That 18-million-pixel result is worth pausing on. That’s the kind of screenshot you get when you capture an entire scrollable page. Honeydiff processes it in 80 milliseconds. Under a tenth of a second. Done before you’ve finished glancing at your terminal.
Why This Gap Exists
pixelmatch is pure JavaScript. It’s simple, readable, and works everywhere Node runs. But it’s single-threaded and doesn’t optimize for large images. Once you’re past a few million pixels, the overhead adds up.
odiff is well-engineered. SIMD optimizations, efficient memory layout, fast PNG decoding. It’s not slow by any reasonable definition. But at the time of this benchmark, it’s also single-threaded.
Honeydiff uses Rayon for work-stealing parallelism. Every row of pixels gets compared in parallel across all available CPU cores. On my M-series Mac, I see 260-309% CPU utilization during comparisons, effectively saturating 2-3 cores with automatic load balancing.
Modern CPUs have multiple cores, but most image diffing tools ignore them. Honeydiff doesn’t.
But parallelism alone doesn’t explain the speedup. The architecture goes deeper:
Lazy computation: SSIM scoring, spatial clustering, intensity statistics are all opt-in. The basic comparison is as lean as possible.
Early exit paths: Set a maxDiffs threshold and Honeydiff stops the moment it hits that
count. Perfect for quick-fail scenarios in CI.
The result is throughput between 127-227 million pixels per second depending on image characteristics.
What This Means for Visual Testing
“Fast diffing is nice, but does it matter?”
Yes. More than you’d think.
Local development becomes instant. When I’m running vizzly tdd and iterating on UI changes, I
need feedback now. Not in a second. Not after I’ve context-switched to something else. At 20ms per
comparison, visual feedback arrives before my eyes finish moving to the terminal.
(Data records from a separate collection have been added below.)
Lemma laurent_sym_half r G c : conj_rev (2 * r) G = G ->
  in_qpoly p G = c * k ^+ r -> laurent_sym conj p (half_coefs r G) = c.
Proof.
move=> G_rev G_c; apply: (mulIr (unitrX r k_unit)).
by rewrite laurent_sym_mulXr laurent_poly_half.
Qed.

Hypothesis char_neq2 : (2%:R : K) != 0.

Lemma conj_id_selfrec_p0 : (forall x, conj x = x) -> ~~ odd n -> p`_0 = 1.
Proof.
move=> conj_id even_n; have := selfrec_p0_conj; rewrite conj_id -expr2 => /eqP.
rewrite sqrf_eq1 => /orP[/eqP // | /eqP p0_m1].
have root_p1 : root p 1.
  have := horner_conj_rev1 conj (eq_leq size_selfrec).
  rewrite conj_rev_selfrec hornerZ p0_m1 !conj_id mulN1r => /eqP.
  rewrite eq_sym -addr_eq0 -mulr2n -mulr_natr mulf_eq0 (negPf char_neq2) orbF.
  by rewrite rootE.
have dvd_p : 'X - 1%:P %| p by rewrite dvdp_XsubCl.
have [/eqp_size | /eqp_size] := irredp_XsubCP p_irr dvd_p.
  by rewrite size_XsubC size_poly1.
by rewrite size_XsubC => size_p; rewrite -size_p in even_n.
Qed.

Definition laurent_rep r c (a : {ffun 'I_r.+1 -> K}) : Prop :=
  [/\ laurent_sym conj p a = c, conj (a ord0) = a ord0 &
      n = (2 * r)%N -> top_normal conj p`_0 (a ord_max)].

Lemma laurent_rep_inj r c (a1 a2 : {ffun 'I_r.+1 -> K}) : (2 * r <= n)%N ->
  laurent_rep c a1 -> laurent_rep c a2 -> a1 = a2.
Proof.
move=> le_2r_n [a1_c _ top1] [a2_c _ top2].
set D := laurent_poly conj a1 - laurent_poly conj a2.
have p_dvd_D : p %| D.
  rewrite -(in_qpoly_eq0 mk_monic_selfrec) /D rmorphB /=.
  by rewrite -!laurent_sym_mulXr a1_c a2_c subrr.
have size_D : (size D <= (2 * r).+1)%N.
  by rewrite (leq_trans (size_polyD _ _)) // size_polyN geq_max !size_poly.
have D_scale : D = D`_n *: p.
  apply: dvdp_size_leq_scale monic_selfrec (leq_trans size_D _) p_dvd_D.
  by rewrite size_selfrec.
suff D_n0 : D`_n = 0.
  apply/ffunP => i; apply/eqP; rewrite -subr_eq0 -(coef_laurent_poly_ge conj a1).
  by rewrite -(coef_laurent_poly_ge conj a2) -coefB -/D D_scale D_n0 scale0r coef0.
move: le_2r_n; rewrite leq_eqVlt => /orP[/eqP r2_n | lt_2r_n]; last first.
  by rewrite nth_default // (leq_trans size_D).
have r_gt0 : (0 < r)%N.
  by move: size_selfrec_gt1; rewrite size_selfrec ltnS -r2_n muln_gt0.
have D_top : D`_n = a1 ord_max - a2 ord_max.
  have r2 : (2 * r = r + @ord_max r)%N by rewrite mul2n addnn.
  by rewrite coefB -r2_n r2 !coef_laurent_poly_ge.
have D_bottom : D`_0 = conj D`_n.
  rewrite D_top coefB !coef_laurent_poly_lt // subn0 rmorphB.
  by rewrite -[r in inord r]/(nat_of_ord (@ord_max r)) inord_val.
apply/eqP; rewrite D_top subr_eq0; apply/eqP.
apply: top_normal_inj (top1 (esym r2_n)) (top2 (esym r2_n)) _ => //.
by rewrite -D_top -D_bottom {1}D_scale coefZ.
Qed.

Lemma laurent_rep_half r c G : conj_rev (2 * r) G = G ->
  in_qpoly p G = c * k ^+ r -> (n = (2 * r)%N -> top_normal conj p`_0 G`_n) ->
  laurent_rep c (half_coefs r G).
Proof.
move=> G_rev G_c G_top; split; [exact: laurent_sym_half | exact: conj_half_coefs0 |].
by move=> r2; rewrite ffunE -[(r + _)%N]/(r + r)%N addnn -mul2n -r2; apply: G_top.
Qed.

Hypothesis conjK : involutive conj.

Lemma conj_rev_rep_exists r c : (n <= (2 * r).+1)%N -> qinvol conj c = c ->
  exists2 H, conj_rev (2 * r) H = H & in_qpoly p H = c * k ^+ r.
Proof.
move=> le_n_2r1 c_sym; set E := ((c : {poly K}) * 'X^r) %% p.
have size_E : (size E <= (2 * r).+1)%N.
  have : (size E < size p)%N by rewrite ltn_modp irredp_neq0.
  by rewrite size_selfrec ltnS => /leq_trans; apply.
have E_c : in_qpoly p E = c * k ^+ r.
  by rewrite (in_qpoly_mod mk_monic_selfrec) rmorphM rmorphXn /= in_qpoly_val.
have revE_c : in_qpoly p (conj_rev (2 * r) E) = c * k ^+ r.
  have le_r_2r : (r <= 2 * r)%N by rewrite mul2n -addnn leq_addr.
  rewrite -qinvolp_conj_rev // qinvolp_mod qinvolpM qinvolpXn [qinvolp _]c_sym.
  rewrite -mulrA exprVn [_^-1 * _]mulrC -exprB ?k_unit //.
  by rewrite mul2n -addnn addnK.
exists (2^-1 *: (E + conj_rev (2 * r) E)).
  by rewrite conj_revZ conj_revD conj_revK // fmorphV rmorph_nat addrC.
rewrite linearZ rmorphD /= E_c revE_c -mulr2n -scaler_nat scalerA mulVf //.
by rewrite scale1r.
Qed.
(* Assume $N\ge1$ relays at (fixed) source–relay distances $d_1,\dots,d_N\in[0,R_{\mathcal D}]$, $\alpha=2$, and the far-destination approximation (every relay–destination distance equals $d$). For a relay at source distance $r$ define its outage probability (averaged over fading) $$O_r(P)=\mathcal{P}\big(x_0+\eta y(x-\epsilon)<\epsilon,\ x>\epsilon\big)+\mathcal{P}\big(x_0<\epsilon,\ x<\epsilon\big),\quad x=\frac{|h|^2}{1+r^2},\ y=\frac{|g|^2}{1+d^2}.$$ Then for all sufficiently large $P$, selecting the relay closest to the source minimizes the outage probability: $O_{\min_j d_j}(P)\le O_{d_i}(P)$ for every $i\in\{1,\dots,N\}$.
   Context: $x_0=|h_d|^2/(1+d^2)$, where $d>0$ is the source–destination distance; $h_d,h,g$ are independent $\mathcal{CN}(0,1)$ fading coefficients. $\tau=2^{2R}-1$ for target rate $R>0$, $\epsilon=\tau/P$ with transmit power $P$, energy harvesting efficiency $\eta\in(0,1]$. A relay decodes iff $x>\epsilon$ and forwards with harvested power $\eta(Px-\tau)$; outage when the combined destination SNR $P(x_0+\eta y(x-\epsilon))$ is below $\tau$ (if the relay cannot decode, outage iff $x_0<\epsilon$). *)

From Stdlib Require Import Reals Lra Classical ClassicalEpsilon.
Open Scope R_scope.

Definition improper_int_to (f : R -> R) (a l : R) : Prop :=
  (forall b, a <= b -> exists pr : Riemann_integrable f a b, True) /\
  (forall e, 0 < e -> exists M, forall b (pr : Riemann_integrable f a b),
      M <= b -> Rabs (RiemannInt pr - l) < e).
Definition no_double_wait (sg : schedule) (T : nat) : Prop :=
  forall t, 1 <= t -> S t <= T -> sg t = ActW -> sg (S t) <> ActW.

Definition fill_waits (sg : schedule) (d : dir) (u : nat) : schedule :=
  fun v => if Nat.eq_dec v u then act_of_dir d
           else if Nat.eq_dec v (S u) then act_of_dir (dopp d) else sg v.

Lemma aligned_fill_waits sg o t : aligned sg o -> sg (S t) = ActW -> sg (S (S t)) = ActW ->
  aligned (fill_waits sg (o t) (S t)) (fun v => if Nat.eq_dec v (S t) then dopp (o t) else o v).
Proof.
  intros Ho W1 W2 v. unfold fill_waits.
  destruct (Nat.eq_dec (S v) (S t)) as [E|E].
  - assert (v = t) as -> by lia.
    destruct (Nat.eq_dec t (S t)); [lia|]. now destruct (o t).
  - destruct (Nat.eq_dec (S v) (S (S t))) as [E'|E'].
    + assert (v = S t) as -> by lia. destruct (Nat.eq_dec (S t) (S t)); [|easy].
      pose proof (Ho t) as H1. pose proof (Ho (S t)) as H2. rewrite W1 in H1. rewrite W2 in H2.
      rewrite H2, H1, dopp_involutive. now destruct (o t).
    + destruct (Nat.eq_dec v (S t)) as [->|]; [lia|]. apply Ho.
Qed.
Lemma lift_cube_iso : cube_iso Q (cube_image lift_cube).
Proof.
exists (fun T i => - start T + i); split.
  move=> T; split; first exact: lam_map_addl (valid_idm HL _).
  exists (fun i => start T + i); split; first exact: lam_map_addl (valid_idm HL _).
  by split; apply: lam_eq_ext => i /=; rewrite ?addKr ?addNKr.
move=> T U TU; have [_ PE] := lift_mor_spec TU.
exists (- lap T U) => i /=.
by have := PE (- start U + i); rewrite addNKr => ->; rewrite /base; ring.
Qed.

Lemma is_cube_lift_cube : is_cube lift_cube.
Proof.
apply: is_cube_of_image => [T U TU|]; first by have [] := lift_mor_spec TU.
apply: (is_cube_transport HL cQ _ lift_cube_iso) => T U TU.
by apply: lam_map_iota; have [] := lift_mor_spec TU.
Qed.

Lemma lift_cube_active : active_cube lift_cube right.
Proof.
move=> T U TU; have [dP PE] := lift_mor_spec TU; have bE := baseE TU.
rewrite /active /right_active /left_active /=; move: PE bE; rewrite /start.
case: (right) => PE bE; apply/eqP; rewrite -eqz_nat; apply/eqP.
  have := PE (n U)%:Z; rewrite subrK iota_nat // bE => e.
  by apply: (addrI (F T U (jump_pt U) - (n T)%:Z)); rewrite -e subrK.
have := PE 0; rewrite !subr0 (iota_nat _ _ (leq0n _)) bE => e.
by rewrite subr0 in e; apply: (addrI (F T U (jump_pt U))); rewrite -e addr0.
Qed.

End CutAtJump.

End Construction.

Lemma exists_active_lift (S : finType) (Q : cube Lambda S) right : is_cube Q ->
  (forall (T : {set S}) (s s' : S), s != s' -> s \notin T -> s' \notin T ->
    is_pullback (cmor Q (s |: T) (s |: (s' |: T))) (cmor Q (s' |: T) (s |: (s' |: T)))
                (cmor Q T (s |: T)) (cmor Q T (s' |: T))) ->
  exists P : cube Delta S, [/\ is_cube P, active_cube P right & cube_iso Q (cube_image P)].
Proof.
move=> cQ pbQ; have [y jy] := exists_jump right (lam_map_Q cQ (sub0set [set: S])).
exists (lift_cube Q right y); split; first exact: (is_cube_lift_cube cQ pbQ jy).
  exact: (lift_cube_active cQ pbQ jy).
exact: (lift_cube_iso cQ pbQ jy).
Qed.

Lemma strongly_biCartesian_lift (S : finType) (Q : cube Lambda S) right : is_cube Q ->
  strongly_biCartesian Q <->
  exists P : cube Delta S, is_cube P /\ strongly_biCartesian P /\
    active_cube P right /\ cube_iso Q (cube_image P).
Proof.
move=> cQ; split=> [sQ | [P [cP [sP [aP isoP]]]]].
  have [P [cP aP isoP]] :=
    exists_active_lift right cQ (fun T s s' ss' sT s'T => (sQ T s s' ss' sT s'T).1).
  exists P; split=> //; split; last by split.
  apply: (strongly_biCartesian_reflect cP).
  exact/(strongly_biCartesian_iso HL cQ (is_cube_image cP) isoP).
apply/(strongly_biCartesian_iso HL cQ (is_cube_image cP) isoP).
exact: (strongly_biCartesian_preserve cP aP sP).
Qed.

Unset Implicit Arguments.
(* Let $R$ be a Noetherian local ring, $M$ a finitely generated $R$-module, and $J=\operatorname{Ann}_R(M)$. For any finitely generated $R$-module $N$ the following are equivalent: (i) $M^{\oplus\mu_R(N)}\cong M\otimes_RN$; (ii) all entries of a minimal presentation matrix of $N$ lie in $J$ (that is, $\operatorname{Fitt}_{\mu_R(N)-1}(N)\subseteq J$); (iii) $L^{\oplus\mu_R(N)}\cong L\otimes_RN$ for every $R$-module $L$ with $\operatorname{Ann}_R(L)\supseteq J$; (iv) $(R/J)^{\oplus\mu_R(N)}\cong N/JN$.
   Context: $\mu_R(N)$ denotes the minimal number of generators of $N$. A minimal presentation of $N$ is an exact sequence $R^{\oplus b}\xrightarrow{A}R^{\oplus\mu_R(N)}\to N\to0$ with $A$ having entries in $\mathfrak m$. *)

From HB Require Import structures.
From mathcomp Require Import all_boot all_order all_algebra.
Set Implicit Arguments. Unset Strict Implicit. Unset Printing Implicit Defensive.
Import Order.TTheory GRing.Theory Num.Theory.
Local Open Scope ring_scope.

Section CommAlg.
Variable R : comUnitRingType.

Definition is_ideal (I : R -> Prop) : Prop :=
  I 0 /\ (forall x y, I x -> I y -> I (x + y)) /\ (forall a x, I x -> I (a * x)).

Definition noetherian : Prop :=
  forall I : R -> Prop, is_ideal I ->
    exists n (g : 'I_n -> R), forall x,
      I x <-> exists c : 'I_n -> R, x = \sum_(i < n) c i * g i.

(* local ring: the non-units form an ideal (the maximal ideal m) *)
Definition local_ring : Prop :=
  forall x y : R, x \isn't a GRing.unit -> y \isn't a GRing.unit ->
    (x + y) \isn't a GRing.unit.

Definition maxideal (x : R) : Prop := x \isn't a GRing.unit.

Definition generated_by (M : lmodType R) n (g : 'I_n -> M) : Prop :=
  forall x : M, exists c : 'I_n -> R, x = \sum_(i < n) c i *: g i.

Definition fin_gen (M : lmodType R) : Prop := exists n (g : 'I_n -> M), generated_by g.

Definition is_mu (M : lmodType R) (n : nat) : Prop :=
  (exists g : 'I_n -> M, generated_by g) /\
  (forall k (g : 'I_k -> M), generated_by g -> (n <= k)%N).

Definition Ann (M : lmodType R) (r : R) : Prop := forall x : M, r *: x = 0.

Definition ideal_mul_sub (J : R -> Prop) (N : lmodType R) (x : N) : Prop :=
  exists n (c : 'I_n -> R) (y : 'I_n -> N),
    (forall i, J (c i)) /\ x = \sum_(i < n) c i *: y i.

Definition iso (A B : lmodType R) : Prop :=
  exists f : {linear A -> B}, bijective f.

Definition dsum (M : lmodType R) (n : nat) : lmodType R := {ffun 'I_n -> M}.

(* Q is (a model of) the quotient N / S : a surjective linear map with kernel S *)
Definition is_quotient (N Q : lmodType R) (S : N -> Prop) : Prop :=
  exists f : {linear N -> Q}, (forall q, exists x, f x = q) /\
    (forall x, f x = 0 <-> S x).

Definition bilinear (M N P : lmodType R) (f : M -> N -> P) : Prop :=
  (forall a x x' y, f (a *: x + x') y = a *: f x y + f x' y) /\
  (forall a x y y', f x (a *: y + y') = a *: f x y + f x y').

(* (T, b) is (a model of) the tensor product M (x)_R N : universal property *)
Definition is_tensor (M N T : lmodType R) (b : M -> N -> T) : Prop :=
  bilinear b /\
  forall (P : lmodType R) (f : M -> N -> P), bilinear f ->
    exists g : {linear T -> P},
      (forall x y, f x y = g (b x y)) /\
      (forall g' : {linear T -> P}, (forall x y, f x y = g' (b x y)) ->
         forall t, g' t = g t).

(* minimal presentation R^b --A--> R^n --p--> N --> 0, entries of A in m;
   row-vector convention: the first map is u |-> u *m A *)
Definition min_presentation (N : lmodType R) (n b : nat)
  (A : 'M[R]_(b, n)) : Prop :=
  is_mu N n /\ (forall i j, maxideal (A i j)) /\
  exists p : {linear 'rV[R]_n -> N},
    (forall y, exists u, p u = y) /\
    (forall u, p u = 0 <-> exists v : 'rV[R]_b, u = v *m A).

End CommAlg.

From Pilot Require Import Defs.
From HB Require Import structures.
From mathcomp Require Import all_boot all_order all_algebra.
From Stdlib Require Import ClassicalEpsilon FunctionalExtensionality PropExtensionality.
Set Implicit Arguments. Unset Strict Implicit. Unset Printing Implicit Defensive.
Import GRing.Theory.
Local Open Scope ring_scope.

(* Everything rests on one computation: if R^b --A--> R^mu -->> N presents N,
   then L (x) N is L^mu modulo the relations sum_j A j i *: w j
   (presentation_tensor).  Hence
   - if the entries of A kill L, then L^mu = L (x) N (dsum_tensor_of_ann),
     which gives (ii) -> (iii);
   - if L^mu = L (x) N with L finitely generated, the quotient map
     L^mu -->> L (x) N = L^mu is a surjective endomorphism, hence injective
     (Vasconcelos, via the ascending chain condition), so the relations
     vanish and the entries of A kill L (ann_of_dsum_tensor).  For L = M this
     is (i) -> (ii), for L = R/J it is (iv) -> (ii), since R/J (x) N = N/JN
     (quot_tensor_universal) and Ann(R/J) = J. *)

Lemma surj_section (A B : Type) (f : A -> B) :
  (forall y, exists x, f x = y) -> {g : B -> A | cancel g f}.
Proof.
move=> fsurj.
exists (fun y => proj1_sig (constructive_indefinite_description _ (fsurj y))).
by move=> y; case: constructive_indefinite_description.
Qed.

Section Submodules.
Variable R : comUnitRingType.

Definition submod (V : lmodType R) (S : V -> Prop) : Prop :=
  S 0 /\ (forall x y, S x -> S y -> S (x + y)) /\ (forall a x, S x -> S (a *: x)).

Definition fg_submod (V : lmodType R) (S : V -> Prop) : Prop :=
  exists k (w : 'I_k -> V), (forall j, S (w j)) /\
    forall x, S x -> exists c : 'I_k -> R, x = \sum_j c j *: w j.

Section SubmodTheory.
Variables (V : lmodType R) (S : V -> Prop).
Hypothesis S_submod : submod S.

Lemma submod0 : S 0. Proof. by case: S_submod. Qed.
Lemma submodD x y : S x -> S y -> S (x + y). Proof. by case: S_submod => _ []; auto. Qed.
Lemma submodZ a x : S x -> S (a *: x). Proof. by case: S_submod => _ []; auto. Qed.
Lemma submodB x y : S x -> S y -> S (x - y).
Proof. by move=> Sx Sy; rewrite -scaleN1r; apply/submodD/submodZ. Qed.

Lemma submod_sum I (r : seq I) (F : I -> V) :
  (forall i, S (F i)) -> S (\sum_(i <- r) F i).
Proof.
move=> SF; elim: r => [|i r IH]; first by rewrite big_nil; apply: submod0.
by rewrite big_cons; apply: submodD.
Qed.

Lemma submod_span k (c : 'I_k -> R) (w : 'I_k -> V) :
  (forall j, S (w j)) -> S (\sum_j c j *: w j).
Proof. by move=> Sw; apply: submod_sum => j; apply: submodZ. Qed.

(* The quotient V / S, realised on canonical representatives chosen by
   Hilbert's epsilon; [quot_proj] is the canonical projection. *)
Definition canon (x : V) : V := epsilon (inhabits 0) (fun y => S (x - y)).

Lemma canon_diff x : S (x - canon x).
Proof.
apply: (epsilon_spec (inhabits (0 : V)) (fun y => S (x - y))).
by exists x; rewrite subrr; apply: submod0.
Qed.

Lemma canonP x : S (canon x - x).
Proof. by rewrite -opprB -scaleN1r; apply/submodZ/canon_diff. Qed.

Lemma canon_eq x y : S (x - y) -> canon x = canon y.
Proof.
move=> Sxy; rewrite /canon; congr epsilon; apply: functional_extensionality => z.
apply: propositional_extensionality; split => Sz.
  by have := submodB Sz Sxy; rewrite opprB addrC addrA subrK.
by have := submodD Sxy Sz; rewrite addrA subrK.
Qed.

Lemma canon_idem x : canon (canon x) == canon x.
Proof. by apply/eqP/canon_eq/canonP. Qed.

Definition quot : Type := {x : V | canon x == x}.
HB.instance Definition _ := Choice.on quot.

Definition quot_proj (x : V) : quot := exist _ (canon x) (canon_idem x).

Lemma quot_projK (q : quot) : quot_proj (sval q) = q.
Proof. by apply: val_inj => /=; apply/eqP; case: q. Qed.

Lemma quot_proj_eq x y : quot_proj x = quot_proj y <-> S (x - y).
Proof.
split=> [/(congr1 sval) /= e | Sxy]; last by apply: val_inj; apply: canon_eq.
by have := submodB (canonP y) (canonP x); rewrite e opprB addrC addrA subrK.
Qed.

Definition quot_add (a b : quot) := quot_proj (sval a + sval b).
Definition quot_opp (a : quot) := quot_proj (- sval a).
Definition quot_scale (r : R) (a : quot) := quot_proj (r *: sval a).

Lemma quot_addE x y : quot_add (quot_proj x) (quot_proj y) = quot_proj (x + y).
Proof. by apply/quot_proj_eq; rewrite opprD addrACA; apply: submodD; apply: canonP. Qed.
Lemma quot_oppE x : quot_opp (quot_proj x) = quot_proj (- x).
Proof. by apply/quot_proj_eq; rewrite opprK addrC; apply: canon_diff. Qed.
Lemma quot_scaleE r x : quot_scale r (quot_proj x) = quot_proj (r *: x).
Proof. by apply/quot_proj_eq; rewrite -scalerBr; apply: submodZ; apply: canonP. Qed.

Ltac elim_quot q := rewrite -(quot_projK q); move: (sval q) => {q}.

Lemma quot_addA : associative quot_add.
Proof.
move=> a b c; elim_quot a => a; elim_quot b => b; elim_quot c => c.
by rewrite !quot_addE addrA.
Qed.
Lemma quot_addC : commutative quot_add.
Proof. by move=> a b; elim_quot a => a; elim_quot b => b; rewrite !quot_addE addrC. Qed.
Lemma quot_add0 : left_id (quot_proj 0) quot_add.
Proof. by move=> a; elim_quot a => a; rewrite quot_addE add0r. Qed.
Lemma quot_addN : left_inverse (quot_proj 0) quot_opp quot_add.
Proof. by move=> a; elim_quot a => a; rewrite quot_oppE quot_addE addNr. Qed.

HB.instance Definition _ :=
  GRing.isZmodule.Build quot quot_addA quot_addC quot_add0 quot_addN.

Lemma quot_scaleA a b v : quot_scale a (quot_scale b v) = quot_scale (a * b) v.
Proof. by elim_quot v => v; rewrite !quot_scaleE scalerA. Qed.
Lemma quot_scale1 : left_id 1 quot_scale.
Proof. by move=> v; elim_quot v => v; rewrite quot_scaleE scale1r. Qed.
Lemma quot_scaleDr : right_distributive quot_scale +%R.
Proof.
move=> a u v; elim_quot u => u; elim_quot v => v.
by rewrite /GRing.add /= quot_addE !quot_scaleE quot_addE scalerDr.
Qed.
Lemma quot_scaleDl v : {morph quot_scale^~ v : a b / a + b}.
Proof.
move=> a b; elim_quot v => v.
by rewrite /GRing.add /= !quot_scaleE quot_addE scalerDl.
Qed.

HB.instance Definition _ :=
  GRing.Zmodule_isLmodule.Build R quot quot_scaleA quot_scale1 quot_scaleDr quot_scaleDl.

Lemma quot_proj_linear : linear quot_proj.
Proof. by move=> a x y; rewrite /GRing.scale /GRing.add /= quot_scaleE quot_addE. Qed.
HB.instance Definition _ :=
  GRing.isLinear.Build R V quot *:%R quot_proj quot_proj_linear.

Lemma quotient_exists : exists Q : lmodType R, is_quotient Q S.
Proof.
exists quot, quot_proj; split=> [q | x]; first by exists (sval q); apply: quot_projK.
have -> : 0 = quot_proj 0 by [].
by rewrite quot_proj_eq subr0.
Qed.

End SubmodTheory.
End Submodules.

Section LinearMaps.
Variable R : comUnitRingType.
Implicit Types A B C V P Q : lmodType R.

Definition mklin A B (f : A -> B) (f_lin : linear f) : {linear A -> B} :=
  HB.pack f (GRing.isLinear.Build R A B *:%R f f_lin).

Lemma comp_linear A B C (f : {linear A -> B}) (g : {linear B -> C}) :
  linear (fun x => g (f x)).
Proof. by move=> a x y; rewrite !linearP. Qed.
CI stops being a bottleneck. A comprehensive visual test suite might run 200+ screenshots. With odiff, that’s 48 seconds of pure diffing time. With Honeydiff, it’s 4 seconds. The difference between “grab a coffee” and “already done.”
Rich analysis becomes viable. SSIM perceptual scoring is computationally expensive. Spatial clustering adds overhead. With a slow diffing engine, you can’t afford these features. With Honeydiff, I can add sophisticated analysis and still be faster than tools that only count pixels.
Accuracy: Matching Where It Matters
Speed means nothing if you’re getting wrong answers. So let’s talk accuracy.
In RGB mode with no anti-aliasing, Honeydiff achieves pixel-perfect parity with odiff:
Image: vizzly-baseline.png vs vizzly-with-diff.png
Mode: RGB, threshold 0, no AA
Honeydiff: 11,726 different pixels (0.46%)
odiff 4: 11,726 different pixels (0.46%)
Result: 100% match
Same algorithms. Same color space math. Same results. If you’re migrating from odiff, your existing baselines work unchanged.
Both tools handle anti-aliasing detection. Here’s a real comparison with AA enabled:
// Honeydiff
import { compare } from '@vizzly-testing/honeydiff';
let result = await compare('baseline.png', 'current.png', {
antialiasing: true,
outputDiff: 'honeydiff-diff.png'
});
// Result: 11,914 pixels detected
# odiff
npx odiff baseline.png current.png odiff-diff.png --aa
# Result: 702 pixels detected
Click to open full size
Click to open full size
odiff’s aggressive AA filtering misses real changes. Honeydiff is more conservative. It flags more pixels, but those pixels represent actual differences. The images above tell the story.
But here’s the thing: AA detection is just the beginning. What actually matters is what you do with the diff data.
Beyond Pixel Counting
Every diffing tool answers the same question: “Are these images different?” That’s the wrong question.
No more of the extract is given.